ASKAさんが、覚せい剤取締法違反(所持)容疑で逮捕されてしまったわけだけれども、チャゲアス全盛期に大学時代を過ごしていた僕にとっては、なんだかちょっとしんみりしてしまう話ではあった。
『月9』の金字塔、『東京ラブストーリー』が放映された年に一人暮らしをはじめ、家のテレビで「うおっ、いま、鈴木保奈美が、『セックス』って言った、言ったよな!!」と自分自身に大声で語りかけてしまった僕にとって、チャゲアスというのは、「学生時代のBGM」みたいなものだったので。
『SAY YES』や『YAH YAH YAH』直撃世代としては、「ああ、これからカラオケでこの曲を誰かが歌うたびに、ASKA覚醒剤で捕まったんだよなあ、と思い出すことになるのか……」と。
人は人、創作物は創作物。
そんなふうに割り切れたらいいのだけれど、現実にはそうもいかなくて。
坂本九さんの『上を向いて歩こう』を聴いたり、向田邦子さんのエッセイを読んだりすると、飛行機事故のことが頭に浮かんでくるし、三島由紀夫さんの小説を読むと、三島さんの最期の日のことを想像してしまう(僕はそれをリアルタイムで観たわけではないので)。
鷺沢萠さんの作品を読むと、なぜ彼女はあんな形で幕引きをしてしまったのだろう、と思う。
僕が大好きな中島らもさんに関しても、以前「中島らも好きなら、大麻を合法化するべきだという、らもさんの主張も指示するのか?」と問われたことを思い出す。
いや、僕は、らもさんの作品は好きだけれども、アルコール依存になりたいわけではないし、薬物中毒になりたいわけでもない。
しかし、そう言われてみると、「大麻が良いものとは思わないし、合法化には(もちろん)反対だけれども、らもさんの薬物を扱った作品は好き」というのは、どういうスタンスなのだろうな、と考え込んでしまう。
らもさんの場合は、「そういう世界」への理解というか指向みたいなものが、作家としての個性だったので、「大麻は嫌いだけど、らもさんは好き」があり得るのだろうか。
僕にも、そういう世界への、憧れみたいなものがあったのだろうか(今から考えると「ないことはなかった」のだろう)。
いや、そんなこと悩んでいてもしょうがないのかもしれないけどさ。
別に、カポーティの『冷血』を読む人がみんな殺人を支持しているわけじゃないし、貴志祐介さんの『悪の教典』を面白いと推薦するからといって、教師による生徒の大量殺戮を、現実として望んでいるわけじゃない。

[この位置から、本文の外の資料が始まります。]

Lemma prox_three_point (h : 'cV[R]_d -> \bar R) mu gam v z w hz hw :
  0 <= mu -> 0 <= gam -> strongly_convexf mu h -> is_prox h gam v z ->
  h z = hz%:E -> h w = hw%:E ->
  hz + gam^-1 * dotp (v - z) (w - z) + mu / 2 * nsq (w - z) <= hw.
Proof.
move=> mu0 gam0 hsc hp hzE hwE; rewrite -subr_le0.
have <- : 2 * (2 * gam)^-1 = gam^-1 by rewrite invfM mulrA mulfV ?mul1r ?pnatr_eq0.
apply: (le0_of_le_scaled _ (prox_segment hsc hp hzE hwE)).
by rewrite mulr_ge0 ?nsq_ge0 // addr_ge0 ?divr_ge0 // invr_ge0 mulr_ge0.
Qed.

Lemma prox_grad_step (h : 'cV[R]_d -> \bar R) mu L
    q xh x1 z h1 hz :
  0 <= mu -> 0 < L -> strongly_convexf mu h ->
  is_prox h L^-1 (xh - L^-1 *: q) x1 -> h x1 = h1%:E -> h z = hz%:E ->
  h1 + dotp q x1 + L / 2 * nsq (x1 - xh) + (L + mu) / 2 * nsq (z - x1)
    <= hz + dotp q z + L / 2 * nsq (z - xh).
Proof.
move=> mu0 L0 hsc hp h1E hzE.
have Linv0 : 0 <= L^-1 by rewrite invr_ge0 ltW.
have := prox_three_point mu0 Linv0 hsc hp h1E hzE; rewrite invrK.
have -> : xh - L^-1 *: q - x1 = (xh - x1) - L^-1 *: q by rewrite addrAC.
rewrite dotpBl dotpZl (dotpBr z x1 q) mulrBr mulrA mulfV ?gt_eqF // mul1r.
have -> : dotp (xh - x1) (z - x1) = - dotp (z - x1) (x1 - xh).
  by rewrite dotpC -dotpNr opprB.
have -> : z - xh = (z - x1) + (x1 - xh) by rewrite addrA subrK.
rewrite (nsqD (z - x1)); lra.
Qed.

End Prox.

Lemma fin_num_le (R : realType) (e : \bar R) r :
  (-oo < e)%E -> (e <= r%:E)%E -> e \is a fin_num.
Proof. by move=> e_gtNy e_le; apply/fin_numPlt; rewrite e_gtNy (le_lt_trans e_le) ?ltry. Qed.
Lemma edge_vtx_of_option (x y : option ('I_d * vtx t d)) :
  edge (vtx_of_option x) (vtx_of_option y) =
  match x, y with
  | None, Some (j, v) => vseq v == [::]
  | Some (i, u), Some (j, v) => (i == j) && edge u v
  | _, _ => false
  end.
Proof.
case: x => [[i u]|]; case: y => [[j v]|] /=; rewrite /edge ?vseq_cons.
- apply/existsP/andP => [[k /eqP]|[/eqP -> /existsP [k /eqP uvE]]].
    by rewrite rcons_cons => -[-> uvE]; split=> //; apply/existsP; exists k; rewrite uvE.
  by exists k; rewrite rcons_cons uvE.
- by apply/existsP => -[k /eqP]; rewrite rcons_cons.
- apply/existsP/eqP => [[k /eqP /= [_ <-]] //|vs0]; by exists j; rewrite /= vs0.
- by apply/existsP => -[k /eqP].
Qed.

Lemma revealed_cons m i v :
  revealed m (vtx_cons i v) = if vseq v is [::] then (i < m)%N else revealed m v.
Proof. by rewrite /revealed vseq_cons; case: (vseq v). Qed.

End VertexCons.

Lemma vtx0_root d (v : vtx 0 d) : v = vtx_root 0 d.
Proof. by apply/eqP; rewrite -size_vseq_eq0 -leqn0 size_vseq. Qed.

Definition edge_weight (R : realType) t d (theta : R) (l : {ffun vtx t d -> bool}) : R :=
  \prod_(u : vtx t d) \prod_(v : vtx t d | edge u v) kern theta (l u) (l v).

Definition sublab t d (i : 'I_d) (l : {ffun vtx t.+1 d -> bool}) : {ffun vtx t d -> bool} :=
  [ffun v => l (vtx_cons i v)].

Definition glue_lab t d (b : bool) (L : {ffun 'I_d -> {ffun vtx t d -> bool}}) :
  {ffun vtx t.+1 d -> bool} :=
  [ffun v => if vtx_uncons v is Some (i, v') then L i v' else b].

Lemma weight_root (R : realType) (theta : R) t d sigma (l : {ffun vtx t d -> bool}) :
  weight theta sigma l = (l (vtx_root t d) == sigma)%:R * edge_weight theta l.
Proof.
have rootE : (fun v : vtx t d => size (vseq v) == 0%N) =1 pred1 (vtx_root t d).
  by move=> v; rewrite /= size_vseq_eq0.
by rewrite /weight (eq_bigl _ _ rootE) big_pred1_eq.
Qed.

Section Labelings.
Variables (R : realType) (theta : R) (t d : nat).

Lemma edge_weight_cons (l : {ffun vtx t.+1 d -> bool}) :
  edge_weight theta l =
  \prod_(i < d) (kern theta (l (vtx_root t.+1 d)) (l (vtx_cons i (vtx_root t d)))
                 * edge_weight theta (sublab i l)).
Proof.
have bij := onW_bij _ (vtx_of_option_bij t d).
have seq_nil : (fun v : vtx t d => vseq v == [::]) =1 pred1 (vtx_root t d).
  by move=> v; rewrite /= -size_vseq_eq0 size_eq0.
rewrite /edge_weight (reindex _ (bij _)) /=.
under eq_bigr => x _ do rewrite (reindex _ (bij _)) (eq_bigl _ _ (edge_vtx_of_option x)).
rewrite big_option /= big_option_cond /= mul1r big_split /=; congr (_ * _).
  rewrite (eq_big (fun p => xpredT p.1 && (vseq p.2 == [::]))
     (fun p => kern theta (l (vtx_root t.+1 d)) (l (vtx_cons p.1 p.2)))); [|by case|by case].
  rewrite -(pair_big xpredT (fun v => vseq v == [::])
     (fun i v => kern theta (l (vtx_root t.+1 d)) (l (vtx_cons i v)))) /=.
  by apply: eq_bigr => i _; rewrite (eq_bigl _ _ seq_nil) big_pred1_eq.
rewrite [RHS]pair_big /=; apply: eq_bigr => -[i u] _ /=; rewrite big_option_cond /= mul1r.
rewrite (eq_big (fun p => (i == p.1) && edge u p.2)
   (fun p => kern theta (l (vtx_cons i u)) (l (vtx_cons p.1 p.2)))); [|by case|by case].
rewrite -(pair_big (fun j => i == j) (fun v => edge u v)
   (fun j v => kern theta (l (vtx_cons i u)) (l (vtx_cons j v)))) /=.
by rewrite (big_pred1 i) //; apply: eq_bigr => v _; rewrite !ffunE.
Qed.
(* If colours 0 and 1 both occur, two columns of the design form the identity
   matrix, so the design has rank 2. *)
Lemma colour_design_rank n (f : 'I_n -> 'I_3) j0 j1 :
  f j0 = 0 :> nat -> f j1 = 1 :> nat -> \rank (colour_design f) = 2.
Proof.
move=> fj0 fj1; apply/eqP; rewrite eqn_leq rank_leq_row /=.
pose g (k : 'I_2) := if k == ord0 then j0 else j1.
suff id_cols : colsub g (colour_design f) = 1%:M%R.
  by apply: leq_trans (rank_colsub g _); rewrite id_cols mxrank1.
apply/matrixP => i k; rewrite !mxE /g.
by case: i => -[|[|?]] ?; case: k => -[|[|?]] ? //=; rewrite ?fj0 ?fj1.
Qed.

Lemma card_bigcup_disjoint (T : finType) k (F : 'I_k -> {set T}) :
  (forall i j, i != j -> [disjoint F i & F j]) ->
  #|\bigcup_(i < k) F i| = \sum_(i < k) #|F i|.
Proof.
elim: k F => [|k IH] F F_disj; first by rewrite !big_ord0 cards0.
rewrite !big_ord_recr /= cardsU IH; last by move=> i j ij; apply: F_disj.
suff -> : (\bigcup_(i < k) F (widen_ord (leqnSn k) i)) :&: F ord_max = set0.
  by rewrite cards0 subn0.
apply/disjoint_setI0; rewrite disjoint_sym; apply: bigcup_disjoint => i _.
by apply: F_disj; rewrite -val_eqE /= neq_ltn ltn_ord orbT.
Qed.

Definition colour_class n (f : 'I_n -> 'I_3) (c : 'I_3) : {set 'I_n} :=
  [set x | f x == c].

Definition class_pairs n (f : 'I_n -> 'I_3) (c : 'I_3) : {set {set 'I_n}} :=
  [set e : {set 'I_n} | e \subset colour_class f c & #|e| == 2].

Lemma class_pairs_pair n (f : 'I_n -> 'I_3) c a b :
  a != b -> ([set a; b] \in class_pairs f c) = (f a == c) && (f b == c).
Proof.
move=> ab; rewrite inE cards2 ab andbT.
apply/subsetP/andP => [ab_c|[fa fb] y]; last by rewrite !inE => /orP[] /eqP->.
by split; [have := ab_c a | have := ab_c b]; rewrite !inE eqxx ?orbT; apply.
Qed.

Lemma colour_design_estimable_pair n (f : 'I_n -> 'I_3) a b :
  int_estimable_set (colour_design f) [set a; b] = (f a != f b).
Proof.
apply/existsP/idP => [[j /existsP[k]]|fab]; last first.
  by exists a; apply/existsP; exists b; rewrite !inE !eqxx orbT colour_design_estimable.
rewrite !inE colour_design_estimable.
by case/and3P => /orP[] /eqP-> /orP[] /eqP->; rewrite ?eqxx // eq_sym.
Qed.

(* Exactly the interactions inside a colour class are not estimable, hence
   phi = C(n, 2) - sum_c C(|class c|, 2). *)
Lemma num_estimable_colour_design n (f : 'I_n -> 'I_3) :
  num_estimable_2fi (colour_design f) =
  'C(n, 2) - \sum_(c < 3) 'C(#|colour_class f c|, 2).
Proof.
rewrite /num_estimable_2fi; set mono := \bigcup_(c < 3) class_pairs f c.
have mono_pairs : mono \subset [set e : {set 'I_n} | #|e| == 2].
  by apply/bigcupsP => c _; apply/subsetP => e; rewrite !inE => /andP[_ ->].
have -> : [set e | is_2fi e && int_estimable_set (colour_design f) e] =
          [set e : {set 'I_n} | #|e| == 2] :\: mono.
  apply/setP => e; rewrite !inE /is_2fi [RHS]andbC.
  case e2 : (#|e| == 2); rewrite //=; case/cards2P: e2 => a [b [ab ->]].
  rewrite colour_design_estimable_pair; congr negb.
  apply/eqP/bigcupP => [fab|[c _]]; last by rewrite class_pairs_pair // => /andP[/eqP-> /eqP->].
  by exists (f b); rewrite // class_pairs_pair // fab eqxx.
rewrite cardsD (setIidPr mono_pairs) card_draws card_ord card_bigcup_disjoint.
  by congr (_ - _); apply: eq_bigr => c _; rewrite cards_draws.
move=> c d cd; rewrite -setI_eq0; apply/eqP/setP => e; rewrite !inE.
apply/negP => /andP[/andP[/subsetP ec /eqP e2] /andP[/subsetP ed _]].
have [x xe] : exists x, x \in e by apply/card_gt0P; rewrite e2.
by move: (ec x xe) (ed x xe) cd; rewrite !inE => /eqP-> /eqP->; rewrite eqxx.
Qed.
Theorem theorem2 :
  (forall th : R, (0 <= th <= PI / 2)%R ->
     symmetric_in_distribution (Ctheta th) gamma_star)
  /\ (forall (C : coin) (g : cstate), unitary C -> unit_vec g ->
        symmetric_in_distribution C g ->
        exists th : R, (0 <= th <= PI / 2)%R /\ dist_equiv C g (Ctheta th) gamma_star)
  /\ (forall th th' : R, (0 <= th <= PI / 2)%R -> (0 <= th' <= PI / 2)%R ->
        dist_equiv (Ctheta th) gamma_star (Ctheta th') gamma_star -> th = th').
Proof.
split; first by move=> th _; apply: Ctheta_gamma_star_symmetric.
split; first exact: symmetric_coin_setup_equiv.
exact: Ctheta_gamma_star_inj.
Qed.
Lemma eps_smooth_ge2 x u eps : MT T x -> MT T u -> ip x u = 0 ->
  eps_smooth eps T -> 2 <= eps.
Proof.
move=> Mx Mu xu smooth_eps; have [x1 _] := Mx; have [u1 _] := Mu.
have unit_ip v : `|v| = 1 -> ip v v = 1 by move=> v1; rewrite (ipxx Hip) v1 expr1n.
set e1 := N^-1 *: T x; set e2 := (- N^-1) *: T u.
have N2 : N^-1 * N^-1 * N ^+ 2 = 1 by field; rewrite gt_eqF.
have e11 : ip e1 e1 = 1.
  by rewrite (ipZl Hip) (ipZr Hip) MT_ip // unit_ip // mulr1 mulrA N2.
have e22 : ip e2 e2 = 1.
  by rewrite (ipZl Hip) (ipZr Hip) MT_ip // unit_ip // mulr1 mulrA mulrNN N2.
have e12 : ip e1 e2 = 0 by rewrite (ipZl Hip) (ipZr Hip) MT_ip // xu !mulr0.
pose A := rank_two ip x u e1 e2.
have x11 := unit_ip x x1; have u11 := unit_ip u u1.
have bA : bounded_linear A := bounded_linear_rank_two Hip x11 u11 xu e11 e22 e12.
have oA : opnorm A <= 1 := opnorm_rank_two Hip x11 u11 xu e11 e22 e12.
have nf_e v s : MT T v -> ip (s *: T v) (T v) / N = s * N.
  by move=> Mv; rewrite (ipZl Hip) MT_ip // unit_ip ?(proj1 Mv) // mulr1; field; rewrite gt_eqF.
have nfx : norming_functional x A = 1.
  rewrite /norming_functional /A /rank_two unit_ip // xu scale0r addr0 scale1r.
  by rewrite nf_e // mulVf ?gt_eqF.
have nfu : norming_functional u A = -1.
  rewrite /norming_functional /A /rank_two unit_ip // (ipC Hip u x) xu scale0r add0r scale1r.
  by rewrite nf_e // mulNr mulVf ?gt_eqF.
apply: le_trans (smooth_eps _ _ (Jset_norming_functional Mx) (Jset_norming_functional Mu)).
have := @ler_dnorm _ _ (fun B => norming_functional x B - norming_functional u B) 2 A.
rewrite /= nfx nfu opprK (ger0_norm (ler0n _ 2)); apply => // B bB oB.
apply: le_trans (ler_normB _ _) _.
by have := norming_functional_le Mx bB; have := norming_functional_le Mu bB; lra.
Qed.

創作物は、それを創った人のイメージに影響を与えるし、逆もまた然り。
これで、チャゲアスの作品には「あの覚醒剤で捕まったASKAの……」という色がついてしまうのだよなあ。
あれだけ売れた曲だし、今さらCDが回収されたり、カラオケのリストから外されるとうことはないのだろうけど。
曲に、罪はない。
だが、そう言い切ってしまうことはできるのだろうか。
たとえは、覚醒剤を使用しながら書かれた曲であっても?
極論すれば、作者が何をしようが、作品は作品だ、とも言える。
こういう事件が起こったあとでも、「SAY YES」のCDからは、同じ音楽が流れてくる、はずなのに。
ところが、受け取る側は、それを「同じように聴く」ことができない。
どんな背景であろうが、「素晴らしい作品は、素晴らしい」のだろうか。
芥川龍之介の『地獄変』に出てくる、生きながら焼かれる娘を描いた絵が、もし実在したのなら、それを、どんな顔をして見ればいいのだろうか。
こういう事件が起こるたびに、僕は「この人の作品は迷惑しているんじゃないかな」と思ってしまう。
まあでも、これが「きっかけ」となって、この土曜の夜に久々に『YAH YAH YAH』をカラオケで熱唱し、「やっぱり良い曲だよなあ!」なんて感心している人もいるよね。
人と、その人が創ったものを切り離して味わうことができるようになりたい。
でも、それって、すごく難しいことなのだ。
日頃のやりとりでの「ひと言」でされも、「誰が言ったか」で、好意的に解釈したり、その逆だったりしがちだからなあ。
こういうときに出てくるのが、ずっとずっと『SAY YES』や『YAH YAH YAH』であり続けているっていうのは、現役の創作者としてはけっこうつらかったのかもしれないな、と、今、ふと思った。